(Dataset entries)
(* Let $q\in\mathbb C$ with $|q-1|>1$, let $\rho=1/|1-q|$, and let $\mathcal C_q=\{v/(q+v): v\in[-1,0]\}$. Then a complex number $t$ has the property that, for every $s\in D(\rho)$, $1+(q-1)ts\neq0$ and $t\|_q s\in D(\rho)$, if and only if $t\in\mathcal C_q$. In particular $\{t\|_q s: t\in\mathcal C_q, s\in D(\rho)\}\subseteq D(\rho)$, and $\mathcal C_q$ is the largest subset of $\mathbb C$ with this property.
   Context: $D(r)=\{t\in\mathbb C:|t|\le r\}$. For $t,s\in\mathbb C$ with $1+(q-1)ts\neq0$, $t\|_q s=\dfrac{t+s+(q-2)ts}{1+(q-1)ts}$ (the parallel connection of transmissivities). Note $q+v\ne0$ for $v\in[-1,0]$ since $|q-1|>1$. *)

(* The complex numbers are modelled by an arbitrary
   numClosedFieldType C (e.g. algC). *)
From HB Require Import structures.
From mathcomp Require Import all_boot all_order all_algebra.
Set Implicit Arguments. Unset Strict Implicit. Unset Printing Implicit Defensive.
Import Order.TTheory GRing.Theory Num.Theory.
Local Open Scope ring_scope.

Definition disk (C : numClosedFieldType) (r : C) (t : C) : Prop := `|t| <= r.

Definition parq (C : numClosedFieldType) (q t s : C) : C :=
  (t + s + (q - 2) * t * s) / (1 + (q - 1) * t * s).

Definition Cq (C : numClosedFieldType) (q t : C) : Prop :=
  exists v : C, v \is Num.real /\ -1 <= v /\ v <= 0 /\ t = v / (q + v).

From HB Require Import structures.
From mathcomp Require Import all_boot all_order all_algebra.
From mathcomp Require Import ring.
Set Implicit Arguments. Unset Strict Implicit. Unset Printing Implicit Defensive.
Import Order.TTheory GRing.Theory Num.Theory.
Local Open Scope ring_scope.

(* Write a := q - 1, so |a| > 1 and rho = 1/|a|.  The proof linearises the
   parallel connection by the Moebius change of variable
       t = mob Y := (Y - 1) / (Y + a),
   under which  1 + a (mob Y) (mob Z) = q (YZ + a) / ((Y + a)(Z + a))  and
   (mob Y) ||_q (mob Z) = mob (Y Z): the parallel connection becomes
   multiplication.  The disk D(rho) corresponds to the closed disk of centre
   c := (|a|^2 + a) / (|a|^2 - 1) and radius |c|, a disk through the origin
   which does not contain -a.  Hence t = mob y satisfies the closure property
   iff multiplication by y maps that disk into itself, and a disk through the
   origin is stable under multiplication by y iff y is in [0,1] (convexity for
   one direction, the equality case of the triangle inequality for the
   other). *)

Section DiskThroughOrigin.
Variable C : numClosedFieldType.

(* Equality case of the triangle inequality for 1 = y + (1 - y). *)
Lemma segment_of_norm_sum (y : C) : `|y| + `|1 - y| <= 1 -> 0 <= y <= 1.
Proof.
move=> hle.
have hsum : `|y + (1 - y)| = `|y| + `|1 - y|.
  by apply/eqP; rewrite eq_le ler_normD subrKC normr1 hle.
have [k _ [ey ey1]] := normCDeq hsum.
have k1 : k = 1.
  have e : (`|y| + `|1 - y|) * k = 1 by rewrite mulrDl -ey -ey1 subrKC.
  by rewrite -hsum subrKC normr1 mul1r in e.
apply/andP; split; first by rewrite ey k1 mulr1.
by rewrite -subr_ge0 ey1 k1 mulr1.
Qed.

(* If y maps the disk |w - 1| <= 1 into itself, then |y| + |1 - y| <= 1:
   test the boundary point 1 + e where y e points in the direction of y - 1. *)
Lemma stable_norm_sum (y : C) :
  (forall w : C, `|w - 1| <= 1 -> `|y * w - 1| <= 1) -> `|y| + `|1 - y| <= 1.
Proof.
move=> stable.
have [->|y0] := eqVneq y 0; first by rewrite normr0 subr0 normr1 add0r.
have [->|y1] := eqVneq y 1; first by rewrite subrr normr0 normr1 addr0.
have ny1 : `|y - 1| != 0 by rewrite normr_eq0 subr_eq0.
pose w := 1 + `|y| * (y - 1) / (y * `|y - 1|).
have hw : `|w - 1| <= 1.
  by rewrite /w addrAC subrr add0r normf_div !normrM !normr_id divff // mulf_neq0 // normr_eq0.
have ew : y * w - 1 = (y - 1) * (1 + `|y| / `|y - 1|).
  by rewrite /w; field; rewrite y0 ny1.
have := stable w hw.
rewrite ew normrM [`|1 + _|]ger0_norm ?addr_ge0 ?divr_ge0 //.
by rewrite mulrDr mulr1 mulrCA divff // mulr1 distrC addrC.
Qed.

Lemma unit_disk_stableP (y : C) :
  (forall w : C, `|w - 1| <= 1 -> `|y * w - 1| <= 1) <-> 0 <= y <= 1.
Proof.
split=> [/stable_norm_sum/segment_of_norm_sum //|/andP[y0 y1] w hw].
have -> : y * w - 1 = y * (w - 1) - (1 - y) by ring.
apply: le_trans (ler_normB _ _) _.
rewrite normrM (ger0_norm y0) (@ger0_norm _ (1 - y)) ?subr_ge0 //.
by rewrite -[X in _ <= X](subrKC y 1) lerD2r ler_piMr.
Qed.

(* The same for any closed disk |Z - c| <= |c| through the origin (c != 0),
   obtained by the rescaling Z = c w. *)
Lemma disk_through_origin_stableP (c y : C) : c != 0 ->
  (forall Z : C, `|Z - c| <= `|c| -> `|y * Z - c| <= `|c|) <-> 0 <= y <= 1.
Proof.
move=> c0; have nc0 : 0 < `|c| by rewrite normr_gt0.
have scale w : (`|c * w - c| <= `|c|) = (`|w - 1| <= 1).
  have -> : c * w - c = c * (w - 1) by rewrite mulrBr mulr1.
  by rewrite normrM -[X in _ <= X]mulr1 ler_pM2l.
rewrite -unit_disk_stableP; split=> stable.
- by move=> w; rewrite -(scale w) -(scale (y * w)) mulrCA; apply: stable.
- move=> Z; have [w ->] : exists w, Z = c * w by exists (Z / c); rewrite mulrC divfK.
  by rewrite mulrCA !scale; apply: stable.
Qed.
End DiskThroughOrigin.

Section MobiusCoordinate.
Variable C : numClosedFieldType.
Variable q : C.
Hypothesis hq : 1 < `|q - 1|.

Local Notation a := (q - 1).
Local Notation rho := (`|1 - q|^-1).

(* The coordinate in which the parallel connection is multiplication. *)
Definition mob (Y : C) : C := (Y - 1) / (Y + a).

(* Centre of the disk that mob maps onto D(rho). *)
Definition center : C := (`|a| ^+ 2 + a) / (`|a| ^+ 2 - 1).

Lemma rhoE : rho = `|a|^-1.
Proof. by rewrite distrC. Qed.

Lemma q_neq0 : q != 0.
Proof. by apply: contraTneq hq => ->; rewrite sub0r normrN1 ltxx. Qed.

Lemma rho_lt1 : rho < 1.
Proof. by rewrite rhoE invf_lt1 // (lt_trans ltr01). Qed.

Lemma normsq_a_gt1 : 1 < `|a| ^+ 2.
Proof. by rewrite exprn_egt1. Qed.

(* The algebraic identity behind the correspondence of the two disks. *)
Lemma disk_identity (Y : C) :
  `|Y + a| ^+ 2 - `|a| ^+ 2 * `|Y - 1| ^+ 2
  = (`|a| ^+ 2 - 1) * (`|center| ^+ 2 - `|Y - center| ^+ 2).
Proof.
have nz : `|a| ^+ 2 - 1 != 0 by rewrite subr_eq0 gt_eqF ?normsq_a_gt1.
rewrite /center !normCK in nz *.
rewrite !(rmorphB, rmorphD, rmorphM, fmorphV) /= !conjCK !rmorph1 in nz *.
by field; rewrite mulrC.
Qed.

Lemma mob_disk (Y : C) : Y + a != 0 ->
  (`|mob Y| <= rho) = (`|Y - center| <= `|center|).
Proof.
move=> Ya; have a0 : 0 < `|a| by rewrite (lt_trans ltr01).
rewrite rhoE /mob normf_div ler_pdivrMr ?normr_gt0 // ler_pdivlMl //.
rewrite -ler_sqr ?nnegrE ?mulr_ge0 // exprMn -subr_ge0 disk_identity.
by rewrite pmulr_rge0 ?subr_gt0 ?normsq_a_gt1 // subr_ge0 ler_sqr ?nnegrE.
Qed.

Lemma center_disk_avoids (Y : C) : `|Y - center| <= `|center| -> Y + a != 0.
Proof.
apply: contraTneq => Ya.
have a0 : a != 0 by rewrite -normr_eq0 gt_eqF // (lt_trans ltr01).
have Y1 : Y - 1 != 0.
  have eY : Y = - a by rewrite -[Y](addrK a) Ya sub0r.
  have -> : Y - 1 = - q by rewrite eY; ring.
  by rewrite oppr_eq0 q_neq0.
have := disk_identity Y; rewrite Ya normr0 expr0n /= sub0r => idY.
rewrite lt_geF // -ltr_sqr ?nnegrE // -subr_lt0.
rewrite -(pmulr_rlt0 _ (_ : 0 < `|a| ^+ 2 - 1)) ?subr_gt0 ?normsq_a_gt1 //.
by rewrite -idY oppr_lt0 mulr_gt0 ?exprn_gt0 ?normr_gt0.
Qed.

(* The disk is nondegenerate: it contains 1 = mob^-1 0. *)
Lemma center_neq0 : center != 0.
Proof.
have : `|1 - center| <= `|center|.
  rewrite -mob_disk; last by rewrite addrC subrK q_neq0.
  by rewrite /mob subrr mul0r normr0 invr_ge0.
by apply: contraTneq => ->; rewrite normr0 subr0 normr1 ler10.
Qed.

Lemma mob_onto (t : C) : `|t| <= rho -> exists2 Y, Y + a != 0 & t = mob Y.
Proof.
move=> ht; have t1 : 1 - t != 0.
  by rewrite subr_eq0; apply: contraTneq ht => <-; rewrite normr1 lt_geF ?rho_lt1.
have Ya : (1 + a * t) / (1 - t) + a = q / (1 - t) by field.
exists ((1 + a * t) / (1 - t)); first by rewrite Ya mulf_neq0 ?invr_eq0 ?q_neq0.
by rewrite /mob Ya; field; rewrite q_neq0 t1.
Qed.

Lemma mob_denominator (Y Z : C) : Y + a != 0 -> Z + a != 0 ->
  (1 + a * mob Y * mob Z != 0) = (Y * Z + a != 0).
Proof.
move=> Ya Za.
have -> : 1 + a * mob Y * mob Z = q * (Y * Z + a) / ((Y + a) * (Z + a)).
  by rewrite /mob; field; rewrite Ya Za.
by rewrite mulf_eq0 invr_eq0 !mulf_eq0 (negbTE Ya) (negbTE Za) (negbTE q_neq0) /= orbF.
Qed.

Lemma parq_mob (Y Z : C) : Y + a != 0 -> Z + a != 0 -> Y * Z + a != 0 ->
  parq q (mob Y) (mob Z) = mob (Y * Z).
Proof.
move=> Ya Za YZa; rewrite /parq /mob; field.
have -> : (Y + a) * (Z + a) + a * (Y - 1) * (Z - 1) = q * (Y * Z + a) by ring.
by rewrite Ya Za YZa mulf_neq0 ?q_neq0.
Qed.

Definition admissible (t : C) : Prop :=
  forall s : C, disk rho s -> 1 + a * t * s != 0 /\ disk rho (parq q t s).

Lemma admissible_mobP (y : C) : y + a != 0 ->
  admissible (mob y) <->
  (forall Z : C, `|Z - center| <= `|center| -> `|y * Z - center| <= `|center|).
Proof.
move=> ya; split=> [adm Z hZ | stable s].
- have Za := center_disk_avoids hZ.
  have hs : disk rho (mob Z) by rewrite /disk mob_disk.
  have [den par] := adm _ hs.
  rewrite mob_denominator // in den.
  by rewrite /disk parq_mob // mob_disk in par.
- rewrite /disk => hs; have [Z Za es] := mob_onto hs; rewrite {s}es in hs *.
  have yZ : `|y * Z - center| <= `|center| by apply: stable; rewrite -mob_disk.
  have yZa := center_disk_avoids yZ.
  by rewrite mob_denominator // yZa parq_mob // mob_disk.
Qed.

Lemma parq0 (t : C) : parq q t 0 = t.
Proof. by rewrite /parq !(mulr0, addr0) divr1. Qed.

Lemma admissible_Cq (t : C) : admissible t <-> Cq q t.
Proof.
split=> [adm | [v [_ [v1 [v0 ->]]]]].
- have ht : `|t| <= rho.
    have h0 : disk rho 0 by rewrite /disk normr0 invr_ge0.
    by have [_] := adm 0 h0; rewrite /disk parq0.
  have [y ya et] := mob_onto ht; rewrite {t ht}et in adm *.
  have := (admissible_mobP ya).1 adm.
  move=> /(disk_through_origin_stableP _ center_neq0) /andP[y0 y1].
  exists (y - 1); split; first by rewrite rpredB ?ger0_real.
  rewrite lerBrDr addNr subr_le0 y1; split=> //; split=> //.
  by rewrite /mob; congr (_ / _); ring.
- have -> : v / (q + v) = mob (v + 1) by rewrite /mob; congr (_ / _); ring.
  have y0 : 0 <= v + 1 by rewrite -lerBlDr sub0r.
  have y1 : v + 1 <= 1 by rewrite -lerBrDr subrr.
  have ya : v + 1 + a != 0.
    apply: contraTneq hq => /eqP; rewrite addr_eq0 => /eqP ea.
    by rewrite -normrN -ea ger0_norm // le_gtF.
  by apply/(admissible_mobP ya)/disk_through_origin_stableP; rewrite ?center_neq0 ?y0.
Qed.
End MobiusCoordinate.

Theorem lemma7p3 (C : numClosedFieldType) (q : C) (hq : 1 < `|q - 1|) :
  let rho := `|1 - q|^-1 in
  (forall t : C,
     (forall s : C, disk rho s ->
        1 + (q - 1) * t * s != 0 /\ disk rho (parq q t s))
     <-> Cq q t)
  /\
  (forall t s : C, Cq q t -> disk rho s ->
     1 + (q - 1) * t * s != 0 /\ disk rho (parq q t s))
  /\
  (forall S : C -> Prop,
     (forall t s : C, S t -> disk rho s ->
        1 + (q - 1) * t * s != 0 /\ disk rho (parq q t s)) ->
     forall t : C, S t -> Cq q t).
Proof.
move=> rho; have characterization := admissible_Cq hq.
split; first exact: characterization.
split; first by move=> t s /characterization; apply.
by move=> S closedS t St; apply/characterization => s; apply: closedS.
Qed.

— Exercise requirements —
For this task, write out exactly the lines of the entries above, starting at the line with "have a0 : a" and ending at the line with "- have Za := center_disk_avoids hZ.", both included, and no others.

— Your solution —
have a0 : a != 0 by rewrite -normr_eq0 gt_eqF // (lt_trans ltr01).
have Y1 : Y - 1 != 0.
  have eY : Y = - a by rewrite -[Y](addrK a) Ya sub0r.
  have -> : Y - 1 = - q by rewrite eY; ring.
  by rewrite oppr_eq0 q_neq0.
have := disk_identity Y; rewrite Ya normr0 expr0n /= sub0r => idY.
rewrite lt_geF // -ltr_sqr ?nnegrE // -subr_lt0.
rewrite -(pmulr_rlt0 _ (_ : 0 < `|a| ^+ 2 - 1)) ?subr_gt0 ?normsq_a_gt1 //.
by rewrite -idY oppr_lt0 mulr_gt0 ?exprn_gt0 ?normr_gt0.
Qed.

(* The disk is nondegenerate: it contains 1 = mob^-1 0. *)
Lemma center_neq0 : center != 0.
Proof.
have : `|1 - center| <= `|center|.
  rewrite -mob_disk; last by rewrite addrC subrK q_neq0.
  by rewrite /mob subrr mul0r normr0 invr_ge0.
by apply: contraTneq => ->; rewrite normr0 subr0 normr1 ler10.
Qed.

Lemma mob_onto (t : C) : `|t| <= rho -> exists2 Y, Y + a != 0 & t = mob Y.
Proof.
move=> ht; have t1 : 1 - t != 0.
  by rewrite subr_eq0; apply: contraTneq ht => <-; rewrite normr1 lt_geF ?rho_lt1.
have Ya : (1 + a * t) / (1 - t) + a = q / (1 - t) by field.
exists ((1 + a * t) / (1 - t)); first by rewrite Ya mulf_neq0 ?invr_eq0 ?q_neq0.
by rewrite /mob Ya; field; rewrite q_neq0 t1.
Qed.

Lemma mob_denominator (Y Z : C) : Y + a != 0 -> Z + a != 0 ->
  (1 + a * mob Y * mob Z != 0) = (Y * Z + a != 0).
Proof.
move=> Ya Za.
have -> : 1 + a * mob Y * mob Z = q * (Y * Z + a) / ((Y + a) * (Z + a)).
  by rewrite /mob; field; rewrite Ya Za.
by rewrite mulf_eq0 invr_eq0 !mulf_eq0 (negbTE Ya) (negbTE Za) (negbTE q_neq0) /= orbF.
Qed.

Lemma parq_mob (Y Z : C) : Y + a != 0 -> Z + a != 0 -> Y * Z + a != 0 ->
  parq q (mob Y) (mob Z) = mob (Y * Z).
Proof.
move=> Ya Za YZa; rewrite /parq /mob; field.
have -> : (Y + a) * (Z + a) + a * (Y - 1) * (Z - 1) = q * (Y * Z + a) by ring.
by rewrite Ya Za YZa mulf_neq0 ?q_neq0.
Qed.

Definition admissible (t : C) : Prop :=
  forall s : C, disk rho s -> 1 + a * t * s != 0 /\ disk rho (parq q t s).

Lemma admissible_mobP (y : C) : y + a != 0 ->
  admissible (mob y) <->
  (forall Z : C, `|Z - center| <= `|center| -> `|y * Z - center| <= `|center|).
Proof.
move=> ya; split=> [adm Z hZ | stable s].
- have Za := center_disk_avoids hZ.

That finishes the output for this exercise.